Monday, September 13, 2010
Now I'm in college

I may have always had certain romantic tendencies, just percolating for who knows how long, but it was late last winter that I think I became a true romantic. Or Romantic, rather, as it was the literature of the English Romantic period that engendered the blossoming of such feelings in me: love of nature, love of people, love of love. I'd had these loves already, but now they were my whole world and there was a new feeling added to them: an intense desire to share these loves with someone else. Ah…
The big irony of my existence must now be addressed: I've never had the slightest bit of romance in my life with another person (just with dead authors and books and ideas, you could say). I've never even held hands in a romantic way with a guy (or girl, for that matter). I've been asked on a date twice (both in my freshman year of high school when I wasn't really into guys yet, and definitely not these two guys whom I hadn't gotten to know too well at the time and didn't ever attract me.) I've asked out someone once (it was very nearly twice, but, ah, you'll see) and he said no. I've yet to be in a situation of mutual interest.
There. That's that. I'm not going to use this diary to whine about my loneliness or pander for pity. For whatever reasons this is just what is.

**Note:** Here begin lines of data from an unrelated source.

Lemma bernoulli_mgf_le p lam : 0 <= p <= 1 -> Rabs lam <= 1/2 ->
  p * exp (lam * (1 - p)) + (1 - p) * exp (- (lam * p)) <= exp (lam ^ 2 / 2).
Proof.
  intros Hp Hl. apply Rabs_le_bounds in Hl.
  assert (A : exp (lam * (1 - p)) <= 1 + lam * (1 - p) + 2 * (lam * (1 - p)) ^ 2).
  { apply exp_le_quadratic. assert (0 <= (1/2 - lam) * (1 - p)) by (apply Rmult_le_pos; lra). nra. }
  assert (B : exp (- (lam * p)) <= 1 + - (lam * p) + 2 * (- (lam * p)) ^ 2).
  { apply exp_le_quadratic. assert (0 <= (1/2 + lam) * p) by (apply Rmult_le_pos; lra). nra. }
  assert (1 + lam ^ 2 / 2 <= exp (lam ^ 2 / 2)) by apply exp_ineq1_le.
  assert (p * exp (lam * (1 - p)) <= p * (1 + lam * (1 - p) + 2 * (lam * (1 - p)) ^ 2))
    by (apply Rmult_le_compat_l; lra).
  assert ((1 - p) * exp (- (lam * p)) <= (1 - p) * (1 + - (lam * p) + 2 * (- (lam * p)) ^ 2))
    by (apply Rmult_le_compat_l; lra).
  assert (p * (1 + lam * (1 - p) + 2 * (lam * (1 - p)) ^ 2)
          + (1 - p) * (1 + - (lam * p) + 2 * (- (lam * p)) ^ 2)
          = 1 + 2 * lam ^ 2 * (p * (1 - p))) by ring.
  assert (p * (1 - p) <= 1/4) by (pose proof (pow2_ge_0 (p - 1/2)); nra).
  assert (0 <= lam ^ 2 * (1/4 - p * (1 - p))) by (apply Rmult_le_pos; [apply pow2_ge_0 | lra]).
  lra.
Qed.

Lemma mean_exp_centred_indicator N (Q : nat -> bool) c lam : (0 < N)%nat ->
  rsum N (fun x => b2R (Q x)) = INR c ->
  / INR N * rsum N (fun x => exp (lam * (b2R (Q x) - INR c / INR N))) =
  (INR c / INR N) * exp (lam * (1 - INR c / INR N))
  + (1 - INR c / INR N) * exp (- (lam * (INR c / INR N))).
Proof.
  intros HN Hc. set (p := INR c / INR N).
  rewrite (rsum_ext N _ (fun x => (exp (lam * (1 - p)) - exp (- (lam * p))) * b2R (Q x)
                                   + exp (- (lam * p)))).
  - rewrite rsum_add, rsum_const, rsum_scal, Hc. unfold p. field. apply not_0_INR; lia.
  - intros x _. destruct (Q x); simpl b2R; [ring|].
    replace (lam * (0 - p)) with (- (lam * p)) by ring. ring.
Qed.

(** Chernoff bound for a sum of [K] independent indicators, each uniform over [N]
    values of which [c] are successes. *)
Lemma cube_mean_exp_deviation_le N K (Q : nat -> nat -> bool) c lam :
  (0 < N)%nat -> (c <= N)%nat ->
  (forall i, (i < K)%nat -> rsum N (fun x => b2R (Q i x)) = INR c) -> Rabs lam <= 1/2 ->
  cube_mean N K (fun l => exp (lam * (rsum K (fun i => b2R (Q i (l i))) - INR K * INR c / INR N)))
  <= exp (INR K * (lam ^ 2 / 2)).
Proof.
  intros HN HcN Hc Hlam. set (p := INR c / INR N).
  assert (Hp : 0 <= p <= 1) by now apply INR_div_le_1.
  rewrite (cube_mean_ext N K _ (fun l => rprod K (fun i => exp (lam * (b2R (Q i (l i)) - p))))).
  - rewrite (cube_mean_rprod N K (fun i x => exp (lam * (b2R (Q i x) - p)))).
    apply rprod_exp_bound. intros i Hi.
    unfold p. rewrite (mean_exp_centred_indicator N (Q i) c lam HN (Hc i Hi)). fold p. split.
    + apply Rplus_le_le_0_compat; apply Rmult_le_pos; try lra; left; apply exp_pos.
    + now apply bernoulli_mgf_le.
  - intros l. rewrite <- exp_rsum. f_equal.
    rewrite (rsum_ext K (fun i => lam * (b2R (Q i (l i)) - p))
                        (fun i => lam * b2R (Q i (l i)) - lam * p)) by (intros; ring).
    rewrite rsum_sub, rsum_scal, rsum_const. unfold p. field. apply not_0_INR; lia.
Qed.

Lemma exp_lt_1 x : exp x < 1 -> x < 0.
Proof. intros H. destruct (Rlt_or_le x 0); auto. pose proof (exp_ineq1_le x). lra. Qed.

Lemma Rabs_le_of_exp_tails lam u x : 0 < lam ->
  exp (- (lam * u)) * (exp (lam * x) + exp (- lam * x)) < 1 -> Rabs x <= u.
Proof.
  intros Hlam H. rewrite Rmult_plus_distr_l, <- !exp_plus in H.
  pose proof (exp_pos (- (lam * u) + lam * x)). pose proof (exp_pos (- (lam * u) + - lam * x)).
  pose proof (exp_lt_1 (- (lam * u) + lam * x) ltac:(lra)).
  pose proof (exp_lt_1 (- (lam * u) + - lam * x) ltac:(lra)).
  apply Rabs_le. split; nra.
Qed.

Lemma cube_mean_exp_tails_le N K (Q : nat -> nat -> bool) c lam :
  (0 < N)%nat -> (c <= N)%nat ->
  (forall i, (i < K)%nat -> rsum N (fun x => b2R (Q i x)) = INR c) -> Rabs lam <= 1/2 ->
  cube_mean N K (fun l =>
    let dev := rsum K (fun i => b2R (Q i (l i))) - INR K * INR c / INR N in
    exp (lam * dev) + exp (- lam * dev))
  <= 2 * exp (INR K * (lam ^ 2 / 2)).
Proof.
  intros HN HcN Hc Hlam. cbv zeta. rewrite cube_mean_add.
  pose proof (cube_mean_exp_deviation_le N K Q c lam HN HcN Hc Hlam).
  pose proof (cube_mean_exp_deviation_le N K Q c (- lam) HN HcN Hc) as Hneg.
  rewrite Rabs_Ropp in Hneg. specialize (Hneg Hlam).
  replace ((- lam) ^ 2) with (lam ^ 2) in Hneg by ring. lra.
Qed.

(** The probabilistic method: if the Chernoff bounds of the events in [E] add up to
    less than 1, some point of [{0..N-1}^K] avoids all of them. *)
Lemma hoeffding_union_bound (N K : nat) (X : Type) (E : list X) (P : X -> nat -> nat -> bool)
  (cnt : X -> nat) (u : R) :
  (0 < N)%nat -> (0 < K)%nat -> 0 < u -> u <= INR K / 2 ->
  (forall e i, In e E -> (i < K)%nat -> rsum N (fun x => b2R (P e i x)) = INR (cnt e)) ->
  2 * INR (length E) * exp (- (u * u) / (2 * INR K)) < 1 ->
  exists l, (forall i, (i < K)%nat -> (l i < N)%nat) /\
    forall e, In e E ->
      Rabs (rsum K (fun i => b2R (P e i (l i))) - INR K * INR (cnt e) / INR N) <= u.
Proof.
  intros HN HK Hu HuK Hcnt Hunion.
  assert (HKr : 0 < INR K) by (apply lt_0_INR; auto).
  set (lam := u / INR K).
  assert (Hlam : 0 < lam) by (unfold lam; apply Rdiv_lt_0_compat; auto).
  assert (Hlam2 : Rabs lam <= 1/2).
  { rewrite Rabs_right by lra. unfold lam. apply Rmult_le_reg_r with (INR K); auto.
    unfold Rdiv. rewrite Rmult_assoc, Rinv_l by lra. lra. }
  set (dev := fun e l => rsum K (fun i => b2R (P e i (l i))) - INR K * INR (cnt e) / INR N).
  set (tail := fun e l => exp (- (lam * u)) * (exp (lam * dev e l) + exp (- lam * dev e l))).
  assert (HcN : forall e, In e E -> (cnt e <= N)%nat).
  { intros e He. apply INR_le. rewrite <- (Hcnt e 0%nat He HK).
    apply (rsum_b2R_bounds N (P e 0%nat)). }
  assert (Hmean : cube_mean N K (fun l => lsum E (fun e => tail e l)) < 1).
  { rewrite cube_mean_lsum by auto. eapply Rle_lt_trans; [|exact Hunion].
    eapply Rle_trans.
    - apply lsum_le with (g := fun _ => exp (- (lam * u)) * (2 * exp (INR K * (lam ^ 2 / 2)))).
      intros e He. unfold tail. rewrite cube_mean_scal.
      apply Rmult_le_compat_l; [left; apply exp_pos|].
      exact (cube_mean_exp_tails_le N K (P e) (cnt e) lam HN (HcN e He)
               (fun i Hi => Hcnt e i He Hi) Hlam2).
    - rewrite lsum_const. right.
      replace (exp (- (u * u) / (2 * INR K)))
        with (exp (- (lam * u)) * exp (INR K * (lam ^ 2 / 2))); [ring|].
      rewrite <- exp_plus. f_equal. unfold lam. field. lra. }
  destruct (cube_mean_lt_exists N K _ 1 HN Hmean) as [l [Hl Hbad]].
  exists l. split; auto. intros e He.
  apply (Rabs_le_of_exp_tails lam); auto. eapply Rle_lt_trans; [|exact Hbad].
  apply (lsum_ge_term E (fun e => tail e l)); auto.
  intros e' _. apply Rmult_le_pos; [left; apply exp_pos|].
  apply Rplus_le_le_0_compat; left; apply exp_pos.
Qed.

I came to Berkeley with my head echoing with the assurances of friends, family, and even casual acquaintances whom I'd told of my romantic worries: "You'll find someone in college." I've always been incredibly studious and made academics and learning my top priority (possibly a factor in my failure to attract a boyfriend) -- but soon I found those convictions were taking a backseat to looking for that promised Someone. I became the giggly (though not flirtatious) boys-on-the-brain girl I'd never dreamed I'd become (in fact I always I'd previously loathed this sort of character in books and movies). So I ended up with an identity crisis on my hands as well as a love crisis. But this seems pretty natural given that I was striking out on my own for the first time and going through a sort of protracted late puberty.
Anyway, I found an object for my huge free-floating affections quite soon. This was a relief as I was still lying awake at night thinking of the last boy I'd liked (this is the one who turned me down -- I have written much about this experience already and can relate it to you separately) though I'd found a fair degree of closure with him and left him behind with the rest of my friends who were still in high school.

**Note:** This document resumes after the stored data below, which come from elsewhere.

(* Apply E to d w = eta /\ w for w = l (x dp + dq) and subtract mu times
   the original equation. *)
Lemma structure_eqn_q_euler (l x mu : L) (eta : L * L) :
  l != 0 -> E l = mu * l -> E x = x ->
  dform1 Dp Dq (slope_form l x) = wedge1 eta (slope_form l x) ->
  Dp mu - E eta.1 = x * (Dq mu - E eta.2 - eta.2).
Proof.
rewrite /dform1 /wedge1 /= => l0 El Ex e.
have h := congr1 E e.
rewrite (derivationB q_eulerD) q_euler_Dp q_euler_Dq (derivationB q_eulerD)
  !q_eulerM El Ex in h.
rewrite !(DpM, DqM, derivationB DqD, derivationB DpD, DqD, DpD) /E in h e.
apply/eqP; rewrite -subr_eq0; apply/eqP; apply: (mulfI l0); rewrite mulr0.
match type of h with ?a = ?b => match type of e with ?c = ?c' =>
  transitivity ((a - b) - mu * (c - c')); first by rewrite /E; ring end end.
by rewrite h e !subrr mulr0 subrr.
Qed.

Lemma curvature3_q_euler x1 x2 x3 K :
  x1 != x2 -> x2 != x3 -> E x1 = x1 -> E x2 = x2 -> E x3 = x3 ->
  is_curvature3 Dp Dq x1 x2 x3 K -> E K = - K.
Proof.
move=> n12 n23 E1 E2 E3 [l1 [l2 [l3 [eta [[l10 l20 _] [s1 s2] [e1 e2 _] ->]]]]].
set mu := E l1 / l1.
have El1 : E l1 = mu * l1 by rewrite /mu divfK.
have El2 : E l2 = mu * l2.
  exact: (normalizers_common_eigen q_eulerD q_eulerM l10 n23 E1 E2 E3 s1 s2).
have k1 := structure_eqn_q_euler l10 El1 E1 e1.
have k2 := structure_eqn_q_euler l20 El2 E2 e2.
have eta2 : E eta.2 = Dq mu - eta.2.
  have /eqP : (x1 - x2) * (Dq mu - E eta.2 - eta.2) = 0.
    by rewrite mulrBl -k1 -k2 subrr.
  rewrite mulf_eq0 subr_eq0 (negbTE n12) /= => /eqP h.
  by rewrite -[LHS]addr0 -h; ring.
have eta1 : E eta.1 = Dp mu.
  by apply/eqP; rewrite eq_sym -subr_eq0 k1 eta2; apply/eqP; ring.
rewrite /dform1 (derivationB q_eulerD) q_euler_Dp q_euler_Dq eta1 eta2.
by rewrite (derivationB DpD) DpDq; ring.
Qed.

Lemma web_curvature_q_euler d (x : 'I_d -> L) K :
  injective x -> (forall i, E (x i) = x i) -> is_web_curvature Dp Dq x K ->
  E K = - K.
Proof.
move=> x_inj Ex [Kf [Kf3 ->]].
have x_neq (i j : 'I_d) : (i < j)%N -> x i != x j.
  by move=> ij; rewrite (inj_eq x_inj) -val_eqE /= ltn_eqF.
rewrite (derivation_sum q_eulerD) -sumrN; apply: eq_bigr => i _.
rewrite (derivation_sum q_eulerD) -sumrN; apply: eq_bigr => j _.
rewrite (derivation_sum q_eulerD) -sumrN; apply: eq_bigr => k /andP[ij jk].
apply: (curvature3_q_euler (x_neq _ _ ij) (x_neq _ _ jk) (Ex i) (Ex j) (Ex k)).
by apply: Kf3; rewrite ij jk.
Qed.

Lemma q_neq0 : Q != 0.
Proof.
by apply/eqP => Q0; move: DqQ; rewrite Q0 derivation0 // => /eqP; rewrite eq_sym oner_eq0.
Qed.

It was during Welcome Week in late August, the evening after my roommates and I got back from spending a hot and crowded day in San Francisco with a group of people from our dorm unit. I went with my roommates to get dinner at Foothill Dining after taking a shower. My hair was still wet and I was wearing frightfully old and linty pajamas, giant panda slippers and no bra. If I can take no other lesson from the experience that began that night it is to always dress for dinner. You never know when your roommate is going to pick the table with the man of your dreams on one end.

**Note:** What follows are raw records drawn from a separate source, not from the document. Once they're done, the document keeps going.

(* Let $H$ be a finitely generated group, let $\phi\in\operatorname{Aut}(H)$ and let $K$ be a proper subgroup of $H$ such that the normalizer $N_H(K)$ has finite index in $H$. Let $G=H\ast_{(K,\phi)}=\langle H, t;\ tkt^{-1}=\phi(k),\ k\in K\rangle$. Then $G$ is residually finite if and only if both $H$ and $N_H(K)/K$ are residually finite.
   Context: For a group $H$, $\phi\in\operatorname{Aut}(H)$ and a proper subgroup $K\lneq H$, the automorphism-induced HNN-extension $H\ast_{(K,\phi)}$ is the group given by the relative presentation $\langle H, t;\ tkt^{-1}=\phi(k),\ k\in K\rangle$. $N_H(K)$ denotes the normalizer of $K$ in $H$. *)

From Stdlib Require Import List.
Set Implicit Arguments.
Unset Strict Implicit.

Record group := Group {
  carrier :> Type;
  mul : carrier -> carrier -> carrier;
  one : carrier;
  inv : carrier -> carrier;
  mulA : forall x y z, mul x (mul y z) = mul (mul x y) z;
  mul1g : forall x, mul one x = x;
  mulg1 : forall x, mul x one = x;
  mulVg : forall x, mul (inv x) x = one;
  mulgV : forall x, mul x (inv x) = one
}.
Arguments mul {g}.
Arguments one {g}.
Arguments inv {g}.

Definition conjg (G : group) (h k : G) : G := mul (mul h k) (inv h).

Definition is_subgroup (G : group) (P : G -> Prop) : Prop :=
  P one /\ (forall x y, P x -> P y -> P (mul x y)) /\ (forall x, P x -> P (inv x)).

Definition is_normal (G : group) (P : G -> Prop) : Prop :=
  is_subgroup P /\ (forall g x, P x -> P (conjg g x)).

Definition finite_index (G : group) (P : G -> Prop) : Prop :=
  exists s : list G, forall x : G,
    exists r, In r s /\ exists m, P m /\ x = mul r m.

Definition finitely_generated (G : group) : Prop :=
  exists s : list G, forall P : G -> Prop, is_subgroup P ->
    (forall x, In x s -> P x) -> forall x, P x.

Definition residually_finite (G : group) : Prop :=
  forall g : G, g <> one ->
    exists M : G -> Prop, is_normal M /\ finite_index M /\ ~ M g.

Definition is_hom (G L : group) (f : G -> L) : Prop :=
  forall x y, f (mul x y) = mul (f x) (f y).

Definition is_automorphism (G : group) (phi : G -> G) : Prop :=
  is_hom phi /\ exists psi : G -> G,
    (forall x, psi (phi x) = x) /\ (forall x, phi (psi x) = x).

Definition normalizer (G : group) (K : G -> Prop) : G -> Prop :=
  fun h => forall k, K k <-> K (conjg h k).

(* Q (with map pi, only relevant on N) is a quotient group N / K:
   pi restricted to N is a surjective homomorphism onto Q with kernel K. *)
Definition is_quotient_by (G : group) (N K : G -> Prop) (Q : group)
    (pi : G -> Q) : Prop :=
  (forall x y, N x -> N y -> pi (mul x y) = mul (pi x) (pi y)) /\
  (forall q : Q, exists x, N x /\ pi x = q) /\
  (forall x, N x -> (pi x = one <-> K x)).

(* "N/K is residually finite": every quotient group N/K is residually finite
   (the quotient is unique up to isomorphism). *)
Definition quotient_residually_finite (G : group) (N K : G -> Prop) : Prop :=
  forall (Q : group) (pi : G -> Q), is_quotient_by N K pi -> residually_finite Q.

(* (G, iota, t) is the HNN extension < H, t ; t k t^-1 = phi k, k in K >,
   characterised by the universal property of the relative presentation. *)
Definition is_HNN (H : group) (K : H -> Prop) (phi : H -> H)
    (G : group) (iota : H -> G) (t : G) : Prop :=
  is_hom iota /\
  (forall k, K k -> conjg t (iota k) = iota (phi k)) /\
  (forall (L : group) (f : H -> L) (s : L),
     is_hom f -> (forall k, K k -> conjg s (f k) = f (phi k)) ->
     exists F : G -> L,
       (is_hom F /\ (forall h, F (iota h) = f h) /\ F t = s) /\
       (forall F' : G -> L, is_hom F' -> (forall h, F' (iota h) = f h) ->
          F' t = s -> forall x, F' x = F x)).

(* Forward direction: H embeds in G, and for n in N_H(K) outside K the element
   t n t^-1 phi(n)^-1 is nontrivial (permutation representations of G show
   both); a finite-index normal subgroup of G avoiding it yields a finite-index
   normal subgroup of N_H(K)/K avoiding nK.

   Backward direction: write g <> 1 as h0 t^e1 h1 ... t^en hn without pinches.
   Since N_H(K) has finite index and N_H(K)/K is residually finite, K is
   separated from each element outside it by a finite-index subgroup; since H
   is finitely generated, this yields a phi-invariant finite-index normal
   subgroup L such that the h_i and phi^-1(h_i) lying outside K also lie outside
   KL (and h0 is outside L if n = 0).  Then G acts on the finite set
   H/L x {0, ..., n}: H by left multiplication and t by
   (x, a) |-> (phi x, sigma(KLx) a), where the permutation sigma(KLx) moves the
   level across each letter t^ei whose point of application lies in KLx.
   Reducedness makes these prescriptions consistent, and g moves (L, n) to
   level 0, so g is outside the kernel of the action. *)

From mathcomp Require Import ssreflect ssrfun ssrbool eqtype ssrnat seq fintype finfun zify.
From Stdlib Require List.
From Stdlib Require Import Lia.
From Stdlib Require Import ClassicalEpsilon FunctionalExtensionality.
From Stdlib Require Import PropExtensionality ProofIrrelevance.
Set Implicit Arguments.
Unset Strict Implicit.
Unset Printing Implicit Defensive.
(* Let $d=2\delta$ be even, $\mathcal{C}\in(\mathbb{R}^I)^{\otimes d}$ symmetric, $v\in\mathbb{R}^I$ nonzero and $\mathcal{M}=\{v^{\otimes(d-1)}\}$. Let $\mathcal{T}=\sum_{j=1}^r\lambda_jx_j^{\otimes d}$ ($\lambda_j\in\mathbb{R}$, $x_j\in\mathbb{R}^I$) be a tensor of minimal symmetric rank $r=\operatorname{minsrk}(\mathcal{C}\bmod\mathcal{M})$ in $\mathcal{C}\bmod\mathcal{M}$. If $x_1^{\otimes\delta},\dots,x_r^{\otimes\delta},v^{\otimes\delta}$ are linearly independent, then $\operatorname{srk}\operatorname{SAdj}(\mathcal{C},\mathcal{M})=r+d=\operatorname{minsrk}(\mathcal{C}\bmod\mathcal{M})+d\dim\operatorname{Span}\mathcal{M}$.
   Context: All tensors are real; symmetric rank $\operatorname{srk}$ is the minimal number of summands $\lambda u^{\otimes d}$. Symmetric adjoining: $\mathcal{M}$ is indexed by a finite set $W$ disjoint from $I$ (here $|W|=1$); $\operatorname{SAdj}(\mathcal{C},\mathcal{M})\in(\mathbb{R}^{I\cup W})^{\otimes d}$ has entries $\mathcal{C}(k_1|\dots|k_d)$ when all $k_i\in I$, entries $\mathcal{M}^{(w)}(k_1|\dots|\widehat{k_j}|\dots|k_d)$ when exactly the $j$th index equals $w\in W$ and the others lie in $I$, and $0$ otherwise. $\mathcal{C}\bmod\mathcal{M}$ is the set of tensors with entries $\mathcal{C}(k_1|\dots|k_d)+\sum_{j=1}^d M_j^{(k_j)}(k_1|\dots|\widehat{k_j}|\dots|k_d)$ with arbitrary $M_j^{(k_j)}\in\operatorname{Span}\mathcal{M}$ chosen independently for each $j$ and each $k_j\in I$. $\operatorname{minsrk}\mathcal{A}$ is the minimal symmetric rank of a symmetric tensor in $\mathcal{A}$. *)

From HB Require Import structures.
From mathcomp Require Import all_boot all_order all_fingroup all_algebra.
From mathcomp Require Import reals.
Set Implicit Arguments. Unset Strict Implicit. Unset Printing Implicit Defensive.
Import Order.TTheory GRing.Theory Num.Theory.
Local Open Scope ring_scope.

For the preceding nights the three of us had been trying to meet people (mostly boys) and tonight was my more gregarious roommate Natschja's turn to choose which diner we'd introduced ourselves too. She quickly pointed out a particularly good-looking young man eating a vegetarian rice bowl by himself. I was instantly struck by the features of him that were like those of my last crush: he was very tall and rail-thin, with a long, angular pale face (like the moon, I always thought of them both). He too was quiet, laconic, and solitary (thereby mysterious and attractively so). But within a few weeks of knowing him, he as a separate and unique (in many fascinating ways unlike my previous crush or anyone else I knew) person quite commanded my whole fancy.
But back to our first meeting: we took our seats at the table with him, with me furthest from him, at the edge of the table to accommodate my saxophone in its case which I'd taken with me with vague plans to practice in the rec room after dinner. Still, I had a full view of his face and was taken with his long pale eyelashes, thinly curling dark lips, lopsided white grin, etc., etc. But what really captured me, had me (and for the time being my roommates as well) in a flutter was his manner and, how shall I say? Oddness? Mysteriousness? For our conversation, which unexpectedly lasted for five or so hours, until we were kicked out of the dining hall at eleven, was strange, enticingly so. He spoke with a very tight economy of words, careful and stoic, while we three girls babbled and giggled and searched for questions to ask this neatly-dressed stranger who seemed to have stepped out of another time period or something for his politeness, reservation, and tastes quite out of the norm. We struggled to find some common interest to discuss. Natschja asked him right away if he listened to her favorite indie bands (her first test for every new acquaintance); he was unacquainted with them, just as we turned out to be unfamiliar with his musical preferences, which centered on classical and experimental music. We had the same sort of mutual unfamiliarity with movies (though my other roommate, Amadeia, was able to discuss some foreign films with him for a little while), his tastes again being for the arcane and artsy.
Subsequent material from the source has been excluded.